#### EXERCISE:
When the line containing "move=> [lu cu] [lv" appears in the entries below, begin printing there and stop after the line containing "move=> /dual_bounded [M"; print each of those lines exactly and no other line.

Saved data entries

(* Let $w\in\mathcal W$, $u,\delta\in\mathcal X^*$ with $\|u\|_*\ne0$ and $\|u+\delta\|_*\ne0$, and $\eta>0$. Then $$\Big\langle u,P\Big(w,\frac{u+\delta}{\|u+\delta\|_*},\eta\Big)\Big\rangle\ge\frac14\Big\langle u,P\Big(w,\frac{u}{\|u\|_*},\frac\eta2\Big)\Big\rangle-2\|\delta\|_*.$$
   Context: $(\mathcal X,\|\cdot\|)$ is a reflexive Banach space with dual $(\mathcal X^*,\|\cdot\|_* )$, $\|u\|_*=\sup_{\|x\|\le1}\langle u,x\rangle$, and $\langle\cdot,\cdot\rangle$ the duality pairing. $\mathcal W\subseteq\mathcal X$ is nonempty, closed and convex. Mirror map: $\Phi:\mathcal D\to\mathbb R\cup\{+\infty\}$, $\mathcal D\subseteq\mathcal X$, proper, weakly lower semicontinuous, $1$-strongly convex on $\mathcal W\subseteq\mathrm{int}(\mathcal D)$ with respect to $\|\cdot\|$, and Gâteaux differentiable on $\mathcal W$. Bregman divergence $D_\Phi(x,y)=\Phi(x)-\Phi(y)-\langle\nabla\Phi(y),x-y\rangle$. Proximal gradient mapping: for $w\in\mathcal W$, $u\in\mathcal X^*$, $\eta>0$, $P(w,u,\eta)=(w-w^+)/\eta$ where $w^+=\arg\min_{w'\in\mathcal W}\{\langle\eta u,w'\rangle+D_\Phi(w',w)\}$ (this minimizer exists and is unique). *)

From HB Require Import structures.
From mathcomp Require Import all_boot all_order all_algebra.
From mathcomp Require Import all_classical all_reals all_analysis.
Set Implicit Arguments. Unset Strict Implicit. Unset Printing Implicit Defensive.
Import Order.TTheory GRing.Theory Num.Theory.
Import numFieldNormedType.Exports.
Local Open Scope classical_set_scope.
Local Open Scope ring_scope.

Section Defs.
Variables (R : realType) (X : normedModType R).

Definition is_dual (u : X -> R) : Prop :=
  (forall (a : R) (x y : X), u (a *: x + y) = a * u x + u y) /\ continuous u.

Definition dnorm (u : X -> R) : R := sup [set u x | x in [set x : X | `|x| <= 1]].

(* Reflexivity: the canonical embedding X -> X^** is surjective, i.e. every
   bounded linear functional on X^* is evaluation at some point of X. *)
Definition reflexive_space : Prop :=
  forall phi : (X -> R) -> R,
    (forall (a : R) (f g : X -> R), is_dual f -> is_dual g ->
       phi (fun x => a * f x + g x) = a * phi f + phi g) ->
    (exists C : R, forall f, is_dual f -> `|phi f| <= C * dnorm f) ->
    exists x : X, forall f, is_dual f -> phi f = f x.

Definition weakly_open (A : set X) : Prop :=
  forall x, A x -> exists (n : nat) (F : 'I_n -> X -> R) (e : R),
    0 < e /\ (forall i, is_dual (F i)) /\
    [set y | forall i, `|F i y - F i x| < e] `<=` A.

Definition weakly_closed (C : set X) : Prop := weakly_open (~` C).

Definition proper_on (D : set X) (Phi : X -> \bar R) : Prop :=
  (exists x, D x /\ (Phi x < +oo)%E) /\ (forall x, D x -> Phi x != -oo%E).

Definition weakly_lsc_on (D : set X) (Phi : X -> \bar R) : Prop :=
  forall t : R, exists C : set X, weakly_closed C /\
    [set x | D x /\ (Phi x <= t%:E)%E] = D `&` C.

Definition strongly_convex1_on (W : set X) (Phi : X -> \bar R) : Prop :=
  forall x y (t : R), W x -> W y -> 0 <= t <= 1 ->
    (Phi (t *: x + (1 - t) *: y)%R <=
       t%:E * Phi x + (1 - t)%:E * Phi y - (t * (1 - t) / 2 * `|x - y| ^+ 2)%:E)%E.

Definition gateaux_deriv (Phi : X -> \bar R) (y : X) (g : X -> R) : Prop :=
  is_dual g /\ Phi y \is a fin_num /\
  forall v : X,
    (\forall t \near (0 : R), Phi (y + t *: v) \is a fin_num) /\
    ((fun t : R => (fine (Phi (y + t *: v)) - fine (Phi y)) / t) @ (0 : R)^'
       --> g v).

Definition bregman (Phi : X -> \bar R) (gradPhi : X -> X -> R) (x y : X) : \bar R :=
  (Phi x - Phi y - (gradPhi y (x - y)%R)%:E)%E.

Definition is_prox_point (W : set X) (Phi : X -> \bar R) (gradPhi : X -> X -> R)
  (w : X) (u : X -> R) (eta : R) (wp : X) : Prop :=
  W wp /\ forall w', W w' ->
    ((eta * u wp)%:E + bregman Phi gradPhi wp w <=
       (eta * u w')%:E + bregman Phi gradPhi w' w)%E.

(* the proximal gradient mapping P(w,u,eta) = (w - w^+)/eta *)
Definition prox_grad (w wp : X) (eta : R) : X := eta^-1 *: (w - wp).

End Defs.

(* Strong convexity of the mirror map makes the prox points satisfy a
   monotonicity inequality: for prox points z1, z2 of step sizes eta1, eta2 and
   directions v1, v2 from the same w,  |z1 - z2|^2 <= <eta2 v2 - eta1 v1, z1 - z2>.
   With v1 = (u + delta)/|u + delta|_*, v2 = u/|u|_*, and the dual-norm bounds
   | |u + delta|_* - |u|_* | <= |delta|_*, this inequality forces
   <u, z1 - z2> <= 2 eta |delta|_*.  Since also <u, w - z2> >= 0 (a prox step
   never increases the linear part), <u, w - z1> >= <u, w - z2>/2 - 2 eta |delta|_*,
   which is the claim after dividing by eta. *)

From HB Require Import structures.
From mathcomp Require Import all_boot all_order all_algebra.
From mathcomp Require Import all_classical all_reals all_analysis.
From mathcomp Require Import ring lra.
Import Order.TTheory GRing.Theory Num.Theory.
Import numFieldNormedType.Exports.
Set Implicit Arguments. Unset Strict Implicit. Unset Printing Implicit Defensive.
Local Open Scope classical_set_scope.
Local Open Scope ring_scope.

Section DualNorm.
Variables (R : realType) (X : normedModType R).
Implicit Types (u v : X -> R) (x y : X).

Lemma dualB u : is_dual u -> {morph u : x y / x - y}.
Proof. by case=> /GRing.zmod_morphism_linear. Qed.

Lemma dual0 u : is_dual u -> u 0 = 0.
Proof. by move=> hu; rewrite -(subrr (0 : X)) dualB // subrr. Qed.

Lemma dualZ u a x : is_dual u -> u (a *: x) = a * u x.
Proof. by move=> [/GRing.scalable_linear su _]; exact: su. Qed.

Lemma dualN u x : is_dual u -> u (- x) = - u x.
Proof. by move=> hu; rewrite -scaleN1r dualZ // mulN1r. Qed.

Lemma is_dualD u v : is_dual u -> is_dual v -> is_dual (fun x => u x + v x).
Proof.
move=> [lu cu] [lv cv]; split; last by move=> x; exact: (continuousD (cu x) (cv x)).
by move=> a x y; rewrite lu lv; ring.
Qed.

Lemma is_dual_divr u c : is_dual u -> is_dual (fun x => u x / c).
Proof.
move=> [lu cu]; split; last by move=> x; exact: cvgMl (cu x).
by move=> a x y; rewrite lu; ring.
Qed.

Lemma dual_bounded u : is_dual u -> exists2 M, 0 <= M & forall x, `|u x| <= M * `|x|.
Proof.
move=> [lu cu].
pose uL : {linear X -> R^o} := HB.pack u (GRing.isLinear.Build R X R^o *:%R u lu).
have /linear_boundedP [M [_ hM]] := continuous_linear_bounded 0 (cu 0 : {for 0, continuous uL}).
by exists (`|M| + 1) => //; apply: hM; rewrite (le_lt_trans (ler_norm M)) ?ltrDl.
Qed.

Lemma dnorm_ub u x : is_dual u -> `|x| <= 1 -> u x <= dnorm u.
Proof.
move=> /dual_bounded [M M0 hM] x1; apply: ub_le_sup; last by exists x.
exists M => _ [y y1 <-]; apply: le_trans (ler_norm _) _.
by apply: le_trans (hM y) _; rewrite ler_piMr.
Qed.

Lemma dnorm_le u c : (forall x, `|x| <= 1 -> u x <= c) -> dnorm u <= c.
Proof.
move=> hc; apply: ge_sup; first by exists (u 0), 0 => //=; rewrite normr0.
by move=> _ [y y1 <-]; exact: hc.
Qed.

Lemma normr_dual_le u x : is_dual u -> `|u x| <= dnorm u * `|x|.
Proof.
move=> hu; have [->|x0] := eqVneq x 0.
  by rewrite dual0 // !normr0 mulr0.
have nx0 : 0 < `|x| by rewrite normr_gt0.
set y := `|x|^-1 *: x.
have y1 : `|y| <= 1 by rewrite normrZ normfV normr_id mulVf ?gt_eqF.
have -> : u x = `|x| * u y by rewrite -dualZ // scalerA mulfV ?gt_eqF // scale1r.
rewrite normrM normr_id mulrC ler_pM2r // ler_norml dnorm_ub // andbT.
by rewrite lerNl -dualN // dnorm_ub ?normrN.
Qed.

Lemma dnorm_ge0 u : is_dual u -> 0 <= dnorm u.
Proof. by move=> hu; rewrite -(dual0 hu) dnorm_ub ?normr0. Qed.

Lemma dnorm_gt0 u : is_dual u -> dnorm u != 0 -> 0 < dnorm u.
Proof. by move=> hu nu0; rewrite lt_neqAle eq_sym nu0 dnorm_ge0. Qed.

Lemma dnormD_le u v : is_dual u -> is_dual v ->
  dnorm (fun x => u x + v x) <= dnorm u + dnorm v.
Proof. by move=> hu hv; apply: dnorm_le => x x1; apply: lerD; apply: dnorm_ub. Qed.

Lemma dnorm_dist_le u v : is_dual u -> is_dual v ->
  `|dnorm (fun x => u x + v x) - dnorm u| <= dnorm v.
Proof.
move=> hu hv; rewrite ler_distl dnormD_le // andbT lerBlDr.
apply: dnorm_le => x x1.
have -> : u x = (u x + v x) + v (- x) by rewrite dualN // addrK.
apply: lerD; first exact: dnorm_ub (is_dualD hu hv) _.
by apply: dnorm_ub; rewrite ?normrN.
Qed.

End DualNorm.

(* If [d < a], then [a (U + D) / b - U >= - 2 d r], so the last hypothesis gives
   [eta U / 2 <= 2 eta d r - a r^2 <= (eta d)^2 / a]; if [a <= d], it forces
   [r <= 2 eta] and we use [U <= a r]. *)
Lemma normalized_gap_le (R : realFieldType) (a b d eta r U D : R) :
  0 < a -> 0 < b -> 0 < eta -> `|b - a| <= d ->
  `|U| <= a * r -> `|U + D| <= b * r -> `|D| <= d * r ->
  r ^+ 2 <= eta / 2 * (U / a) - eta * ((U + D) / b) -> U <= 2 * eta * d.
Proof.
move=> a0 b0 eta0 dab Ur UDr Dr.
have d0 : 0 <= d := le_trans (normr_ge0 _) dab.
have r0 : 0 <= r by rewrite -(pmulr_rge0 _ a0) (le_trans (normr_ge0 _) Ur).
set Q := U / a; set V := (U + D) / b => mono.
have eU : U = a * Q by rewrite mulrC divfK ?gt_eqF.
have eV : U + D = b * V by rewrite mulrC divfK ?gt_eqF.
have /ler_normlP[Qr1 Qr2] : `|Q| <= r.
  by rewrite normrM normfV (gtr0_norm a0) ler_pdivrMr // mulrC.
have /ler_normlP[Vr1 Vr2] : `|V| <= r.
  by rewrite normrM normfV (gtr0_norm b0) ler_pdivrMr // mulrC.
have [ad|da] := leP a d.
  have r_le : r <= 2 * eta by nra.
  have aQ : a * Q <= a * r by rewrite ler_pM2l.
  have : a * r <= d * (2 * eta) by apply: ler_pM; lra.
  by rewrite eU; lra.
have aVU : - (2 * d * r) <= a * V - U.
  have -> : a * V - U = (a - b) * V + D by rewrite eU; lra.
  have /ler_normlP[abV _] : `|(a - b) * V| <= d * r.
    by rewrite normrM distrC ler_pM //; apply/ler_normlP.
  by move: Dr => /ler_normlP[? _]; lra.
have h1 : eta * U / 2 <= 2 * eta * d * r - a * r ^+ 2.
  have := ler_wpM2l (ltW a0) mono; have := ler_wpM2l (ltW eta0) aVU.
  by rewrite eU; lra.
have h2 : a * (eta * U / 2) <= (eta * d) ^+ 2.
  have := ler_wpM2l (ltW a0) h1; have := sqr_ge0 (a * r - eta * d); lra.
have e2d : 0 <= 2 * eta ^+ 2 * d by rewrite mulr_ge0 // mulr_ge0 ?sqr_ge0.
have dda := ler_wpM2l e2d (ltW da).
rewrite -(ler_pM2l a0) -(ler_pM2l eta0); lra.
Qed.

Lemma convex_set_segment (R : realType) (X : normedModType R) (W : set X) x y (t : R) :
  convex_set W -> W x -> W y -> 0 <= t <= 1 -> W (t *: x + (1 - t) *: y).
Proof.
move=> cW Wx Wy /andP[t0 t1].
by have := cW x y (Itv01 t0 t1) (mem_set Wx) (mem_set Wy); rewrite inE.
Qed.

Section StronglyConvex.
Variables (R : realType) (X : normedModType R).
Variables (W : set X) (Phi : X -> \bar R) (gradPhi : X -> X -> R).
Hypothesis convW : convex_set W.
Hypothesis scPhi : strongly_convex1_on W Phi.
Hypothesis gradPhiP : forall y, W y -> gateaux_deriv Phi y (gradPhi y).

Local Notation phi x := (fine (Phi x)).

Lemma fin_Phi y : W y -> Phi y \is a fin_num.
Proof. by case/gradPhiP=> _ []. Qed.

Lemma dual_gradPhi y : W y -> is_dual (gradPhi y).
Proof. by case/gradPhiP. Qed.

Lemma strongly_convex_fine x y t : W x -> W y -> 0 <= t <= 1 ->
  phi (t *: x + (1 - t) *: y) <=
    t * phi x + (1 - t) * phi y - t * (1 - t) / 2 * `|x - y| ^+ 2.
Proof.
move=> Wx Wy t01; have := scPhi Wx Wy t01.
rewrite -(fineK (fin_Phi (convex_set_segment convW Wx Wy t01))).
by rewrite -(fineK (fin_Phi Wx)) -(fineK (fin_Phi Wy)) -!EFinM -EFinD lee_fin.
Qed.

Lemma quadratic_growth (h : X -> R) z : scalar h -> W z ->
  (forall x, W x -> phi z + h z <= phi x + h x) ->
  forall x, W x -> phi z + h z + `|x - z| ^+ 2 / 2 <= phi x + h x.
Proof.
move=> hl Wz zmin x Wx.
set N := `|x - z| ^+ 2; set c := phi x + h x - (phi z + h z).
have N0 : 0 <= N by rewrite exprn_ge0.
have along_segment t : 0 < t <= 1 -> (1 - t) * (N / 2) <= c.
  move=> /andP[t0 t1]; have t01 : 0 <= t <= 1 by rewrite ltW.
  have hseg : h (t *: x + (1 - t) *: z) = t * h x + (1 - t) * h z.
    by rewrite hl (GRing.scalable_linear hl).
  have := zmin _ (convex_set_segment convW Wx Wz t01).
  have := strongly_convex_fine Wx Wz t01; rewrite hseg -/N => sc opt.
  have : t * ((1 - t) * (N / 2)) <= t * c by rewrite /c; lra.
  by rewrite ler_pM2l.
rewrite -lerBrDl -/c; apply/ler_addgt0Pr => e e0.
have Ne0 : 0 < N / 2 + e by lra.
set t := e / (N / 2 + e).
have t0 : 0 < t by rewrite divr_gt0.
have t1 : t <= 1 by rewrite ler_pdivrMr // mul1r; lra.
have tN : t * (N / 2) <= e by rewrite mulrAC ler_pdivrMr //; nra.
have := along_segment t; rewrite t0 t1 => /(_ isT); lra.
Qed.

#### SOLUTION TO THE PROBLEM:
move=> [lu cu] [lv cv]; split; last by move=> x; exact: (continuousD (cu x) (cv x)).
by move=> a x y; rewrite lu lv; ring.
Qed.

Lemma is_dual_divr u c : is_dual u -> is_dual (fun x => u x / c).
Proof.
move=> [lu cu]; split; last by move=> x; exact: cvgMl (cu x).
by move=> a x y; rewrite lu; ring.
Qed.

Lemma dual_bounded u : is_dual u -> exists2 M, 0 <= M & forall x, `|u x| <= M * `|x|.
Proof.
move=> [lu cu].
pose uL : {linear X -> R^o} := HB.pack u (GRing.isLinear.Build R X R^o *:%R u lu).
have /linear_boundedP [M [_ hM]] := continuous_linear_bounded 0 (cu 0 : {for 0, continuous uL}).
by exists (`|M| + 1) => //; apply: hM; rewrite (le_lt_trans (ler_norm M)) ?ltrDl.
Qed.

Lemma dnorm_ub u x : is_dual u -> `|x| <= 1 -> u x <= dnorm u.
Proof.
move=> /dual_bounded [M M0 hM] x1; apply: ub_le_sup; last by exists x.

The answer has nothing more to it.